Nate followed the voices down the hall to the reception area. It was open to the night, the windows long shattered, but they’d hung mosquito netting across the vacant panes and done their best to clean out the accumulated leaves and detritus. An old table and a few ratty office chairs had been pulled into the room across from the front desk, and they’d hung lanterns from the unpowered cord for a chandelier, which gave everything a harsh, even light.
Patty stood wearing the same greasy, stained flight suit as he had after the battle, the rifle hanging from his shoulder. Roach was inches from his face, leaning in as she yelled, finger pointing like a weapon, while Ramirez hung back, hands on his hips, happy to let her do the dirty work.
“Not to mention you left us with all the work of moving our shit in,” Ramirez chimed in, apparently feeling emboldened. “You know how long that took, man?”
“I said I was sorry,” Patty insisted.
“Where did you sleep last night?” Nate wondered.
Patty frowned at him as if he thought it was an odd thing to say. It was, Nate realized, a strange question for him to ask given all the other problems and worries Patty’s absence had created the last day and a half, but it was the first that came to his mind, and he was too exhausted to filter his thoughts.
“In the truck,” the tall man answered, haltingly, grudgingly. “I pulled it into a parking garage and got a few hours’ sleep. I just needed some time to think.”
“And did it help?”
“Could I talk to you in private?” Patty wondered.
Nate shrugged. “Sure. Give that rifle to Ramirez so he can stick it back with the others.”
He didn’t really believe Patty would get pissed off enough to shoot him, but he’d been wrong before.
Patty seemed to consider it for a moment, but he shrugged the sling off his shoulder and handed the M37 to Ramirez. It was a bulky weapon, mostly polymer, and a stray strand of memory reminded him it had once been produced by FN, a Belgian company back when there’d been a Belgium. They’d called it the SCAR-Heavy, which, he supposed, meant there’d once been a SCAR-Light, though he couldn’t recall why one was heavy and one wasn’t.
He filed it away in the dusty archives of useless knowledge and led Patty back into the office. The Kentuckian pushed the door shut behind them, then had to turn again and shove it closed against that fraction of a centimeter of warp.
“I’d tell you to sit down,” Nate apologized, “but I only have the one chair so far.”
He thought about offering Patty a drink, but decided against introducing alcohol to whatever volatile mood the younger man was in.

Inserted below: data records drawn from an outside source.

(* Let $\mathbb{F}$ be a field with $\mathrm{Char}(\mathbb{F})=3$. Every $2$-dimensional diassociative algebra $(V,\dashv,\vdash)$ over $\mathbb{F}$ whose product $\dashv$ is not identically zero is isomorphic to one of the following dialgebras $\{A,B\}$ (for some value of the indicated parameter), and dialgebras from different items are pairwise non-isomorphic: <ol> <li>$D_{13,3}^1(\delta_1)$: $A=\begin{pmatrix}0&0&0&0\\1&0&0&0\end{pmatrix}$, $B=\begin{pmatrix}0&0&0&0\\ \delta_1&0&0&0\end{pmatrix}$, $\delta_1\in\mathbb{F}$;</li> <li>$D_{3,3}^2$: $A=B=\begin{pmatrix}1&0&0&0\\0&0&0&0\end{pmatrix}$;</li> <li>$D_{3,3}^3$: $A=\begin{pmatrix}1&0&0&0\\0&0&0&0\end{pmatrix}$, $B=\begin{pmatrix}1&0&0&0\\0&1&0&0\end{pmatrix}$;</li> <li>$D_{3,3}^4$: $A=B=\begin{pmatrix}1&0&0&0\\0&1&0&0\end{pmatrix}$;</li> <li>$D_{3,3}^5(\delta_1)$: $A=\begin{pmatrix}2&0&0&0\\0&0&2&0\end{pmatrix}$, $B=\begin{pmatrix}2&0&0&0\\ \delta_1&0&0&0\end{pmatrix}$, $\delta_1\in\mathbb{F}$;</li> <li>$D_{3,3}^6$: $A=\begin{pmatrix}2&0&0&0\\0&0&2&0\end{pmatrix}$, $B=\begin{pmatrix}2&0&0&0\\0&2&0&0\end{pmatrix}$;</li> <li>$D_{3,3}^7$: $A=B=\begin{pmatrix}2&0&0&0\\0&0&2&0\end{pmatrix}$;</li> <li>$D_{3,3}^8(\alpha_4)$: $A=B=\begin{pmatrix}2&0&0&\alpha_4\\0&2&2&0\end{pmatrix}$, $\alpha_4\in\mathbb{F}$.</li> </ol>
   Context: Let $\mathbb{F}$ be a field. A diassociative algebra (associative dialgebra) is a vector space $V$ over $\mathbb{F}$ with two bilinear products $\dashv,\vdash$ satisfying, for all $x,y,z\in V$: $(x\dashv y)\dashv z=x\dashv(y\dashv z)$; $x\dashv(y\dashv z)=x\dashv(y\vdash z)$; $(x\vdash y)\dashv z=x\vdash(y\dashv z)$; $(x\dashv y)\vdash z=(x\vdash y)\vdash z$; $(x\vdash y)\vdash z=x\vdash(y\vdash z)$. Two such dialgebras are isomorphic if there is an invertible linear map $f$ with $f(x\dashv y)=f(x)\dashv' f(y)$ and $f(x\vdash y)=f(x)\vdash' f(y)$ for all $x,y$. For $\dim V=2$ with fixed basis $(e_1,e_2)$, a $2\times4$ matrix $\begin{pmatrix}\alpha_1&\alpha_2&\alpha_3&\alpha_4\\ \beta_1&\beta_2&\beta_3&\beta_4\end{pmatrix}$ encodes a bilinear product $\ast$ by $e_1\ast e_1=\alpha_1e_1+\beta_1e_2$, $e_1\ast e_2=\alpha_2e_1+\beta_2e_2$, $e_2\ast e_1=\alpha_3e_1+\beta_3e_2$, $e_2\ast e_2=\alpha_4e_1+\beta_4e_2$. A pair $\{A,B\}$ denotes the dialgebra whose product $\dashv$ is encoded by $A$ and whose product $\vdash$ is encoded by $B$. *)

From HB Require Import structures.
From mathcomp Require Import all_boot all_order all_algebra.
Set Implicit Arguments. Unset Strict Implicit. Unset Printing Implicit Defensive.
Import Order.TTheory GRing.Theory.
Local Open Scope ring_scope.

Section Dialg.
Variable F : fieldType.

Definition is_bilinear (V : lmodType F) (p : V -> V -> V) : Prop :=
  forall (a : F) (x y z : V),
    p (a *: x + y) z = a *: p x z + p y z /\
    p z (a *: x + y) = a *: p z x + p z y.

(** The five diassociativity axioms (dl = "-|", dr = "|-"). *)
Definition diassociative (V : lmodType F) (dl dr : V -> V -> V) : Prop :=
  forall x y z : V,
    [/\ dl (dl x y) z = dl x (dl y z),
        dl x (dl y z) = dl x (dr y z),
        dl (dr x y) z = dr x (dl y z),
        dr (dl x y) z = dr (dr x y) z
      & dr (dr x y) z = dr x (dr y z)].

Definition dialg_iso (V W : lmodType F) (dl dr : V -> V -> V)
    (dl' dr' : W -> W -> W) : Prop :=
  exists f : V -> W,
    [/\ forall (a : F) (x y : V), f (a *: x + y) = a *: f x + f y,
        bijective f,
        forall x y, f (dl x y) = dl' (f x) (f y)
      & forall x y, f (dr x y) = dr' (f x) (f y)].

Definition i0 : 'I_2 := @Ordinal 2 0 isT.
Definition i1 : 'I_2 := @Ordinal 2 1 isT.
Definition j0 : 'I_4 := @Ordinal 4 0 isT.
Definition j1 : 'I_4 := @Ordinal 4 1 isT.
Definition j2 : 'I_4 := @Ordinal 4 2 isT.
Definition j3 : 'I_4 := @Ordinal 4 3 isT.

Definition mx24 (a1 a2 a3 a4 b1 b2 b3 b4 : F) : 'M[F]_(2,4) :=
  \matrix_(i < 2, j < 4)
    nth 0 (if i == i0 then [:: a1; a2; a3; a4] else [:: b1; b2; b3; b4]) j.

(** The bilinear product on F^2 (row vectors, basis e1 = coordinate 0,
    e2 = coordinate 1) encoded by M:
    e1*e1 = M00 e1 + M10 e2, e1*e2 = M01 e1 + M11 e2,
    e2*e1 = M02 e1 + M12 e2, e2*e2 = M03 e1 + M13 e2. *)
Definition mprod (M : 'M[F]_(2,4)) (x y : 'rV[F]_2) : 'rV[F]_2 :=
  \row_(k < 2) (x 0 i0 * y 0 i0 * M k j0 + x 0 i0 * y 0 i1 * M k j1
              + x 0 i1 * y 0 i0 * M k j2 + x 0 i1 * y 0 i1 * M k j3).

Inductive item := D13_3_1 | D3_3_2 | D3_3_3 | D3_3_4 | D3_3_5 | D3_3_6
                | D3_3_7 | D3_3_8.

(** The pair {A, B} of item [i] with parameter [p]
    (p = delta_1 for items 1 and 5, p = alpha_4 for item 8, ignored otherwise). *)
Definition item_pair (i : item) (p : F) : 'M[F]_(2,4) * 'M[F]_(2,4) :=
  match i with
  | D13_3_1 => (mx24 0 0 0 0 1 0 0 0, mx24 0 0 0 0 p 0 0 0)
  | D3_3_2 => (mx24 1 0 0 0 0 0 0 0, mx24 1 0 0 0 0 0 0 0)
  | D3_3_3 => (mx24 1 0 0 0 0 0 0 0, mx24 1 0 0 0 0 1 0 0)
  | D3_3_4 => (mx24 1 0 0 0 0 1 0 0, mx24 1 0 0 0 0 1 0 0)
  | D3_3_5 => (mx24 2 0 0 0 0 0 2 0, mx24 2 0 0 0 p 0 0 0)
  | D3_3_6 => (mx24 2 0 0 0 0 0 2 0, mx24 2 0 0 0 0 2 0 0)
  | D3_3_7 => (mx24 2 0 0 0 0 0 2 0, mx24 2 0 0 0 0 0 2 0)
  | D3_3_8 => (mx24 2 0 0 p 0 2 2 0, mx24 2 0 0 p 0 2 2 0)
  end.

Definition item_dl (i : item) (p : F) := mprod (item_pair i p).1.
Definition item_dr (i : item) (p : F) := mprod (item_pair i p).2.

End Dialg.

From HB Require Import structures.
From mathcomp Require Import all_boot all_order all_algebra.
From mathcomp Require Import ring.
Import GRing.Theory.
Set Implicit Arguments. Unset Strict Implicit. Unset Printing Implicit Defensive.
Local Open Scope ring_scope.

(* If some [x] among [e1, e2,
   e1 + e2, e1 - e2] is independent of [x -| x], then in the basis
   [(x, x -| x)] the whole product is determined by [x -| x -| x = a x + b (x -| x)],
   and a further change of basis makes it nilpotent, [F] times a zero algebra, or
   unital.  Otherwise [x -| x] is parallel to [x] for these four vectors, which
   with associativity forces [x -| y = phi(x) y] or [x -| y = phi(y) x] for a
   linear form [phi], i.e. a left or a right unit after a change of basis.  For
   each of these five normal forms of [-|], the other four axioms evaluated on
   basis vectors determine [|-] up to the parameter of the item.  Items are told
   apart by isomorphism invariants: [-| = |-], vanishing of triple [-|]-products,
   commutativity of [-|] and of [|-], and a left unit for [-|]. *)

Section Bilinear.
Variables (F : fieldType) (V : lmodType F) (p : V -> V -> V).
Hypothesis p_bil : is_bilinear p.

“It’s okay,” Patty said, shrugging it away. “I’ve been sitting in that damn truck for hours, anyway.” His hands were stuffed into his pockets and he didn’t seem to want to meet Nate’s eyes. “Look, Boss, like I told them, I’m really sorry I missed the memorial. I was thinking about Dix my own way, you know? But I…” He tilted his head back and blew out a sigh. “All this has been making me think about my family. I’m out here in the shit trying to help them, but I’m starting to feel like I’ll never see them again.”